Exercise prompt:
For the data below, restate word for word only the lines from the line containing "under [RHS]eq_bigr do rewrite /digit_powsum" through the line containing "case: k => [|k] /=;", both ends included.

#### Entries supplied ####

(* For every $k\ge1$ one has $u_{k;0}=b$ and, for all $m\ge0$, $$(b^{m+1}-b+1)\,u_{k;m}=\sum_{j=1}^{m}\binom{m}{j}\Big(\sum_{\substack{0\le a<b\\ a\ne d}}a^j\Big)u_{k;m-j}+\sum_{j=0}^{m}\binom{m}{j}d^j\,u_{k-1;m-j},$$ with the convention $0^0=1$.
   Context: Fix $b\ge2$ and $d\in\{0,\dots,b-1\}$. A string is a finite sequence $X=(d_l,\dots,d_1)$ of digits in $\{0,\dots,b-1\}$ (leading zeros allowed), of length $|X|=l\ge0$; its value is $n(X)=\sum_{i=1}^{l}d_ib^{i-1}$ ($0$ for the empty string). For $k\ge0$, $\mu_k=\sum_{X}b^{-|X|}\delta_{n(X)/b^{|X|}}$, the sum over all strings $X$ containing $d$ exactly $k$ times; it is a finite measure on $[0,1)$ of total mass $b$. The moments are $u_{k;m}=\int_{[0,1)}x^m\,d\mu_k(x)$. *)

From HB Require Import structures.
From mathcomp Require Import all_boot all_order all_algebra.
From mathcomp Require Import all_classical all_reals all_analysis.
Set Implicit Arguments. Unset Strict Implicit. Unset Printing Implicit Defensive.
Import Order.TTheory GRing.Theory Num.Theory.
Local Open Scope ring_scope.

(* A string of length l over the digits {0,...,b-1} is an l.-tuple 'I_b;
   position i (0-based) carries the digit d_{i+1}, of weight b^i. *)

Definition strpt (R : realType) (b l : nat) (X : l.-tuple 'I_b) : R :=
  (\sum_(i < l) (tnth X i)%:R * (b%:R) ^+ i) / (b%:R ^+ l).

Definition occ (b d l : nat) (X : l.-tuple 'I_b) : nat :=
  count (fun a : 'I_b => nat_of_ord a == d) X.

(* u_{k;m} = \int x^m d mu_k, mu_k = sum_X b^{-|X|} delta_{n(X)/b^|X|},
   i.e. the (nonnegative, order independent) sum over all strings X with
   exactly k occurrences of d of  b^{-|X|} (n(X)/b^|X|)^m,
   grouped by length, valued in the extended reals. *)
Definition moment (R : realType) (b d k m : nat) : \bar R :=
  (\sum_(0 <= l <oo)
     (\sum_(X : l.-tuple 'I_b | occ d X == k)
        (((b%:R ^+ l)^-1 * (strpt R X) ^+ m)%:E)))%E.

From HB Require Import structures.
From mathcomp Require Import all_boot all_order all_algebra.
From mathcomp Require Import all_classical all_reals all_analysis.
From mathcomp Require Import ring lra.
Import Order.TTheory GRing.Theory Num.Theory.
Local Open Scope ring_scope.

(* Appending a most significant digit [a] to a string [Y] of length [l] sends its
   point [x] to [(a + x) / b] and its weight [b^-l] to [b^-(l+1)], and adds one
   occurrence of [d] exactly when [a = d].  Expanding [((a + x) / b)^m] binomially
   and summing over [a] and over all lengths gives
     b^(m+1) u_{k;m} = [k = 0][m = 0] b + sum_j C(m,j) (sum_{a <> d} a^j) u_{k;m-j}
                       + [k > 0] sum_j C(m,j) d^j u_{k-1;m-j}.
   Its [j = 0] term [(b - 1) u_{k;m}] can be cancelled because [u_{k;m} <= u_{k;0}]
   and the same recurrence on partial sums of masses bounds [u_{k;0}] by [b]; for
   [m = 0] the recurrence then forces [u_{k;0} = b]. *)

Lemma big_tuple_rcons (V : nmodType) (T : finType) (l : nat)
    (P : pred ((l.+1).-tuple T)) (f : (l.+1).-tuple T -> V) :
  \sum_(X | P X) f X =
  \sum_(a : T) \sum_(Y : l.-tuple T | P [tuple of rcons Y a]) f [tuple of rcons Y a].
Proof.
pose h (p : T * l.-tuple T) := [tuple of rcons p.2 p.1].
have h_inj : injective h.
  by move=> [a Y] [a' Y'] /(congr1 val)/rcons_inj[/val_inj-> ->].
have h_bij : bijective h.
  by apply: inj_card_bij h_inj _; rewrite card_prod !card_tuple expnS.
by rewrite pair_big_dep (reindex h) //=; exact: onW_bij.
Qed.

Section Strings.
Variables (R : realType) (b d : nat).

Lemma occ_rcons l (Y : l.-tuple 'I_b) (a : 'I_b) :
  occ d [tuple of rcons Y a] = (occ d Y + (nat_of_ord a == d))%N.
Proof. by rewrite /occ /= -cats1 count_cat /= addn0. Qed.

Lemma strpt_nil (X : 0.-tuple 'I_b) : strpt R X = 0.
Proof. by rewrite /strpt big_ord0 mul0r. Qed.

Lemma strpt_rcons l (Y : l.-tuple 'I_b) (a : 'I_b) :
  strpt R [tuple of rcons Y a] = (a%:R + strpt R Y) / b%:R.
Proof.
have b_gt0 : (0 < b)%N := leq_ltn_trans (leq0n a) (ltn_ord a).
have bNZ : (b%:R : R) != 0 by rewrite pnatr_eq0 -lt0n.
rewrite /strpt big_ord_recr /= (tnth_nth a) nth_rcons size_tuple ltnn eqxx.
under eq_bigr => i _ do
  rewrite (tnth_nth a) /= nth_rcons size_tuple ltn_ord -tnth_nth.
by rewrite exprSr; field; rewrite bNZ expf_neq0.
Qed.

Lemma strpt_ge0 l (X : l.-tuple 'I_b) : 0 <= strpt R X.
Proof.
by rewrite /strpt divr_ge0 ?exprn_ge0 // sumr_ge0 // => i _;
  rewrite mulr_ge0 ?exprn_ge0.
Qed.

(* [n(X) <= sum_i (b - 1) b^i = b^l - 1]. *)
Lemma strpt_le1 l (X : l.-tuple 'I_b) : strpt R X <= 1.
Proof.
case: l X => [|l] X; first by rewrite strpt_nil.
have b_gt0 : (0 < b)%N := leq_ltn_trans (leq0n _) (ltn_ord (tnth X ord0)).
rewrite /strpt ler_pdivrMr ?exprn_gt0 ?ltr0n // mul1r.
have geom n : \sum_(i < n) ((b%:R : R) - 1) * b%:R ^+ i = b%:R ^+ n - 1.
  elim: n => [|n IH]; first by rewrite big_ord0 expr0 subrr.
  by rewrite big_ord_recr /= IH exprS; ring.
apply: (@le_trans _ _ (b%:R ^+ l.+1 - 1)); last by rewrite lerBlDr lerDl.
rewrite -geom; apply: ler_sum => i _; apply: ler_wpM2r; first by rewrite exprn_ge0.
by rewrite lerBrDr natr1 ler_nat ltn_ord.
Qed.

Definition moment_len k l m : R :=
  \sum_(X : l.-tuple 'I_b | occ d X == k) ((b%:R ^+ l)^-1 * strpt R X ^+ m).

Definition digit_powsum j : R := \sum_(a < b | nat_of_ord a != d) a%:R ^+ j.

Lemma moment_len_nil k m : moment_len k 0 m = ((k == 0%N) && (m == 0%N))%:R.
Proof.
rewrite /moment_len big_mkcond (big_pred1 [tuple]) => [|X]; last first.
  by rewrite /= tuple0; apply/esym/eqP.
rewrite /= eq_sym strpt_nil expr0 invr1 mul1r expr0n.
by case: (k == 0%N) (m == 0%N) => -[].
Qed.

Lemma moment_len_ge0 k l m : 0 <= moment_len k l m.
Proof.
by apply: sumr_ge0 => X _; rewrite mulr_ge0 ?invr_ge0 ?exprn_ge0 ?strpt_ge0.
Qed.

Lemma moment_len_le_mass k l m : moment_len k l m <= moment_len k l 0.
Proof.
apply: ler_sum => X _; rewrite expr0 ler_wpM2l ?invr_ge0 ?exprn_ge0 //.
by rewrite exprn_ile1 ?strpt_ge0 ?strpt_le1.
Qed.

Lemma moment_len_translate k l m (a : R) :
  \sum_(Y : l.-tuple 'I_b | occ d Y == k) (b%:R ^+ l)^-1 * (a + strpt R Y) ^+ m
  = \sum_(j < m.+1) 'C(m, j)%:R * a ^+ j * moment_len k l (m - j).
Proof.
under [RHS]eq_bigr do rewrite mulr_sumr.
rewrite exchange_big /=; apply: eq_bigr => Y _.
rewrite addrC exprDn mulr_sumr; apply: eq_bigr => j _.
by rewrite -mulr_natl; ring.
Qed.

Lemma digit_powsum_ge0 j : 0 <= digit_powsum j.
Proof. by apply: sumr_ge0 => a _; rewrite exprn_ge0. Qed.

Hypothesis d_lt_b : (d < b)%N.

Lemma digit_powsum0 : digit_powsum 0 = b%:R - 1.
Proof.
rewrite /digit_powsum (eq_bigl (predC1 (Ordinal d_lt_b))) => [|a]; last first.
  by rewrite /= -val_eqE.
rewrite (eq_bigr (fun=> 1)) // sumr_const cardC1 card_ord.
by rewrite -[b in RHS](prednK (leq_ltn_trans (leq0n d) d_lt_b)) -natr1 addrK.
Qed.

Lemma moment_len_succ k l m :
  b%:R ^+ m.+1 * moment_len k l.+1 m =
  \sum_(j < m.+1) 'C(m, j)%:R * digit_powsum j * moment_len k l (m - j)
  + (0 < k)%N%:R * \sum_(j < m.+1) 'C(m, j)%:R * d%:R ^+ j * moment_len k.-1 l (m - j).
Proof.
have bNZ : (b%:R : R) != 0.
  by rewrite pnatr_eq0 -lt0n (leq_ltn_trans (leq0n d) d_lt_b).
have rescale (a x : R) : b%:R ^+ m.+1 * ((b%:R ^+ l.+1)^-1 * ((a + x) / b%:R) ^+ m)
    = (b%:R ^+ l)^-1 * (a + x) ^+ m.
  by rewrite expr_div_n !exprS; field; rewrite !expf_neq0.
rewrite [moment_len _ l.+1 _]/moment_len big_tuple_rcons mulr_sumr.
under eq_bigr => a _.
  rewrite mulr_sumr; under eq_bigr => Y _ do rewrite strpt_rcons rescale.
  over.
rewrite (bigD1 (Ordinal d_lt_b)) //= addrC; congr (_ + _).
  under [RHS]eq_bigr do rewrite /digit_powsum mulrAC mulr_sumr.
  rewrite exchange_big /= (eq_bigl (fun a : 'I_b => nat_of_ord a != d)) => [|a]; last first.
    by rewrite -val_eqE.
  apply: eq_bigr => a a_neq_d; under [RHS]eq_bigr do rewrite mulrAC.
  rewrite -moment_len_translate.
  by apply: eq_bigl => Y; rewrite occ_rcons (negbTE a_neq_d) addn0.
case: k => [|k]; first by rewrite mul0r big_pred0 // => Y; rewrite occ_rcons eqxx addn1.
rewrite mul1r -moment_len_translate.
by apply: eq_bigl => Y; rewrite occ_rcons eqxx addn1 eqSS.
Qed.

Lemma moment_len_mass_succ k l :
  b%:R * moment_len k l.+1 0
  = (b%:R - 1) * moment_len k l 0 + (0 < k)%N%:R * moment_len k.-1 l 0.
Proof.
by rewrite -[b%:R]expr1 moment_len_succ !big_ord1 digit_powsum0 bin0 !expr0 !mul1r.
Qed.

(* Multiplying by [b] and using [moment_len_mass_succ], [b * S_k(n+1)] is at most
   [b * [k = 0] + (b - 1) * S_k(n) + [k > 0] * S_(k-1)(n) <= b^2]. *)
Lemma sum_moment_len_mass_le n k : \sum_(l < n) moment_len k l 0 <= b%:R.
Proof.
have b_ge1 : (1 <= b)%N := leq_ltn_trans (leq0n d) d_lt_b.
have b_gt0 : (0 : R) < b%:R by rewrite ltr0n.
elim: n k => [|n IH] k; first by rewrite big_ord0.
rewrite -(ler_pM2l b_gt0) big_ord_recl moment_len_nil andbT mulrDr mulr_sumr.
under eq_bigr do rewrite lift0 moment_len_mass_succ.
rewrite big_split /= -!mulr_sumr.
have := ler_wpM2l (_ : 0 <= b%:R - 1) (IH k); rewrite subr_ge0 ler1n => /(_ b_ge1).
case: k => [|k] /=; first by rewrite mul0r; lra.
by rewrite mul1r; have := IH k; lra.
Qed.
End Strings.

Local Open Scope ereal_scope.

Lemma nneseries_sumZl (R : realType) n (c : 'I_n -> R) (f : 'I_n -> nat -> R) :
  (forall j, (0 <= c j)%R) -> (forall j l, (0 <= f j l)%R) ->
  \sum_(0 <= l <oo) (\sum_(j < n) c j * f j l)%:E
  = \sum_(j < n) (c j)%:E * \sum_(0 <= l <oo) (f j l)%:E.
Proof.
move=> c_ge0 f_ge0; under eq_eseriesr do rewrite -sumEFin.
rewrite nneseries_sum => [|j l _]; last by rewrite lee_fin mulr_ge0.
apply: eq_bigr => j _; under eq_eseriesr do rewrite EFinM.
by rewrite nneseriesZl // => l _; rewrite lee_fin.
Qed.

Section Moments.
Variables (R : realType) (b d : nat).
Hypothesis d_lt_b : (d < b)%N.

Lemma moment_seriesE k m :
  moment R b d k m = \sum_(0 <= l <oo) (moment_len R b d k l m)%:E.
Proof. by apply: eq_eseriesr => l _; rewrite sumEFin. Qed.

Lemma moment_ge0 k m : 0 <= moment R b d k m.
Proof.
by rewrite moment_seriesE nneseries_ge0 // => l _ _; rewrite lee_fin moment_len_ge0.
Qed.

Lemma moment_mass_le k : moment R b d k 0 <= b%:R%:E.
Proof.
rewrite moment_seriesE; apply: lime_le.
  by apply: is_cvg_nneseries => l _ _; rewrite lee_fin moment_len_ge0.
by apply: nearW => n; rewrite /= sumEFin big_mkord lee_fin sum_moment_len_mass_le.
Qed.

Lemma moment_fin_num k m : moment R b d k m \is a fin_num.
Proof.
rewrite ge0_fin_numE ?moment_ge0 //; apply: (le_lt_trans _ (ltry b%:R)).
apply: le_trans (moment_mass_le k); rewrite !moment_seriesE.
by apply: lee_nneseries => l _; rewrite lee_fin ?moment_len_ge0 ?moment_len_le_mass.
Qed.

Lemma moment_shift_recurrence k m :
  (b%:R ^+ m.+1)%:E * \sum_(0 <= l <oo) (moment_len R b d k l.+1 m)%:E =
  \sum_(j < m.+1) ('C(m, j)%:R * digit_powsum R b d j)%:E * moment R b d k (m - j)
  + ((0 < k)%N%:R)%:E
    * \sum_(j < m.+1) ('C(m, j)%:R * d%:R ^+ j)%:E * moment R b d k.-1 (m - j).
Proof.
have succE l : (b%:R ^+ m.+1)%:E * (moment_len R b d k l.+1 m)%:E
    = (\sum_(j < m.+1) 'C(m, j)%:R * digit_powsum R b d j * moment_len R b d k l (m - j))%:E
    + ((0 < k)%N%:R)%:E
      * (\sum_(j < m.+1) 'C(m, j)%:R * d%:R ^+ j * moment_len R b d k.-1 l (m - j))%:E.
  by rewrite -EFinM moment_len_succ // EFinD EFinM.
have A_ge0 l : 0 <= (\sum_(j < m.+1)
    'C(m, j)%:R * digit_powsum R b d j * moment_len R b d k l (m - j))%:E.
  by rewrite lee_fin sumr_ge0 // => j _; rewrite !mulr_ge0 ?digit_powsum_ge0 ?moment_len_ge0.
have B_ge0 l : 0 <= (\sum_(j < m.+1)
    'C(m, j)%:R * d%:R ^+ j * moment_len R b d k.-1 l (m - j))%:E.
  by rewrite lee_fin sumr_ge0 // => j _; rewrite !mulr_ge0 ?exprn_ge0 ?moment_len_ge0.
rewrite -nneseriesZl => [|l _]; last by rewrite lee_fin moment_len_ge0.
rewrite (eq_eseriesr (fun l _ => succE l)) nneseriesD => [|l _ _|l _ _]; last 2 first.
- exact: A_ge0.
- by rewrite mule_ge0 ?lee0n.
rewrite nneseriesZl => [|l _]; last exact: B_ge0.
rewrite (@nneseries_sumZl R _ (fun j : 'I_m.+1 => 'C(m, j)%:R * digit_powsum R b d j)%R
  (fun j l => moment_len R b d k l (m - j))) => [|j|j l]; first last.
- exact: moment_len_ge0.
- by rewrite mulr_ge0 ?digit_powsum_ge0.
rewrite (@nneseries_sumZl R _ (fun j : 'I_m.+1 => 'C(m, j)%:R * d%:R ^+ j)%R
  (fun j l => moment_len R b d k.-1 l (m - j))) => [|j|j l]; first last.
- exact: moment_len_ge0.
- by rewrite mulr_ge0 ?exprn_ge0.
by congr (_ + _ * _); apply: eq_bigr => j _; rewrite moment_seriesE.
Qed.

Lemma moment_recurrence k m :
  (b%:R ^+ m.+1)%:E * moment R b d k m =
  (b%:R ^+ m.+1 * moment_len R b d k 0 m)%:E
  + \sum_(j < m.+1) ('C(m, j)%:R * digit_powsum R b d j)%:E * moment R b d k (m - j)
  + ((0 < k)%N%:R)%:E
    * \sum_(j < m.+1) ('C(m, j)%:R * d%:R ^+ j)%:E * moment R b d k.-1 (m - j).
Proof.
have len_ge0 l : 0 <= (moment_len R b d k l m)%:E by rewrite lee_fin moment_len_ge0.
rewrite moment_seriesE nneseries_recl // -nneseries_addn //.
under eq_eseriesr do rewrite addn1.
rewrite ge0_muleDr //; last by rewrite nneseries_ge0.
by rewrite -EFinM -addeA moment_shift_recurrence.
Qed.

Definition rmoment k m : R := fine (moment R b d k m).

Lemma momentE k m : moment R b d k m = (rmoment k m)%:E.
Proof. by rewrite fineK ?moment_fin_num. Qed.

Local Open Scope ring_scope.

Lemma rmoment_recurrence k m :
  b%:R ^+ m.+1 * rmoment k m =
  b%:R ^+ m.+1 * moment_len R b d k 0 m
  + \sum_(j < m.+1) 'C(m, j)%:R * digit_powsum R b d j * rmoment k (m - j)
  + (0 < k)%N%:R * \sum_(j < m.+1) 'C(m, j)%:R * d%:R ^+ j * rmoment k.-1 (m - j).
Proof.
apply: EFin_inj; rewrite EFinM -momentE moment_recurrence !EFinD.
congr (_ + _ + _).
  by rewrite -sumEFin; apply: eq_bigr => j _; rewrite EFinM momentE.
rewrite EFinM -sumEFin; congr (_ * _)%E.
by apply: eq_bigr => j _; rewrite EFinM momentE.
Qed.

Lemma rmoment_mass k : rmoment k 0 = b%:R.
Proof.
have mass_rec n : b%:R * rmoment n 0
    = b%:R * (n == 0%N)%:R + (b%:R - 1) * rmoment n 0 + (0 < n)%N%:R * rmoment n.-1 0.
  have := rmoment_recurrence n 0; rewrite moment_len_nil andbT !big_ord1 expr1.
  by rewrite digit_powsum0 // bin0 !expr0 !mul1r subn0.
elim: k => [|k IH]; [have := mass_rec 0%N | have := mass_rec k.+1] => /=.
  by rewrite mulr1 mul0r addr0; lra.
by rewrite mulr0 mul1r add0r IH; lra.
Qed.
End Moments.

Theorem mainTheorem10 (R : realType) (b d : nat) (hb : (2 <= b)%N) (hd : (d < b)%N)
  (k : nat) (hk : (1 <= k)%N) :
  moment R b d k 0 = (b%:R)%:E /\
  forall m : nat,
    (((b%:R ^+ m.+1 - b%:R + 1 : R)%:E * moment R b d k m)
     = \sum_(j < m.+1 | (0 < j)%N)
          ((('C(m, j))%:R * \sum_(a < b | nat_of_ord a != d) (a%:R : R) ^+ j)%:E
             * moment R b d k (m - j)%N)
       + \sum_(j < m.+1)
          ((('C(m, j))%:R * (d%:R : R) ^+ j)%:E * moment R b d (k.-1) (m - j)%N))%E.
Proof.
split=> [|m]; first by rewrite momentE // rmoment_mass.
case: k hk => [//|k] _.
rewrite !momentE // -EFinM.
under eq_bigr do rewrite momentE // -EFinM.
under [X in (_ + X)%E]eq_bigr do rewrite momentE // -EFinM.
rewrite !sumEFin -EFinD; congr EFin.
under eq_bigr => j _ do rewrite -/(digit_powsum R b d j).
rewrite (eq_bigl (fun j : 'I_m.+1 => j != ord0)) => [|j]; last by rewrite -lt0n.
have := rmoment_recurrence R b d hd k.+1 m.
rewrite moment_len_nil mulr0 add0r mul1r (bigD1 ord0) //= bin0 mul1r.
rewrite digit_powsum0 // subn0 => rec.
by rewrite mulrDl mulrBl mul1r rec; ring.
Qed.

####

Written reply:
  under [RHS]eq_bigr do rewrite /digit_powsum mulrAC mulr_sumr.
  rewrite exchange_big /= (eq_bigl (fun a : 'I_b => nat_of_ord a != d)) => [|a]; last first.
    by rewrite -val_eqE.
  apply: eq_bigr => a a_neq_d; under [RHS]eq_bigr do rewrite mulrAC.
  rewrite -moment_len_translate.
  by apply: eq_bigl => Y; rewrite occ_rcons (negbTE a_neq_d) addn0.
case: k => [|k]; first by rewrite mul0r big_pred0 // => Y; rewrite occ_rcons eqxx addn1.
rewrite mul1r -moment_len_translate.
by apply: eq_bigl => Y; rewrite occ_rcons eqxx addn1 eqSS.
Qed.

Lemma moment_len_mass_succ k l :
  b%:R * moment_len k l.+1 0
  = (b%:R - 1) * moment_len k l 0 + (0 < k)%N%:R * moment_len k.-1 l 0.
Proof.
by rewrite -[b%:R]expr1 moment_len_succ !big_ord1 digit_powsum0 bin0 !expr0 !mul1r.
Qed.

(* Multiplying by [b] and using [moment_len_mass_succ], [b * S_k(n+1)] is at most
   [b * [k = 0] + (b - 1) * S_k(n) + [k > 0] * S_(k-1)(n) <= b^2]. *)
Lemma sum_moment_len_mass_le n k : \sum_(l < n) moment_len k l 0 <= b%:R.
Proof.
have b_ge1 : (1 <= b)%N := leq_ltn_trans (leq0n d) d_lt_b.
have b_gt0 : (0 : R) < b%:R by rewrite ltr0n.
elim: n k => [|n IH] k; first by rewrite big_ord0.
rewrite -(ler_pM2l b_gt0) big_ord_recl moment_len_nil andbT mulrDr mulr_sumr.
under eq_bigr do rewrite lift0 moment_len_mass_succ.
rewrite big_split /= -!mulr_sumr.
have := ler_wpM2l (_ : 0 <= b%:R - 1) (IH k); rewrite subr_ge0 ler1n => /(_ b_ge1).
case: k => [|k] /=; first by rewrite mul0r; lra.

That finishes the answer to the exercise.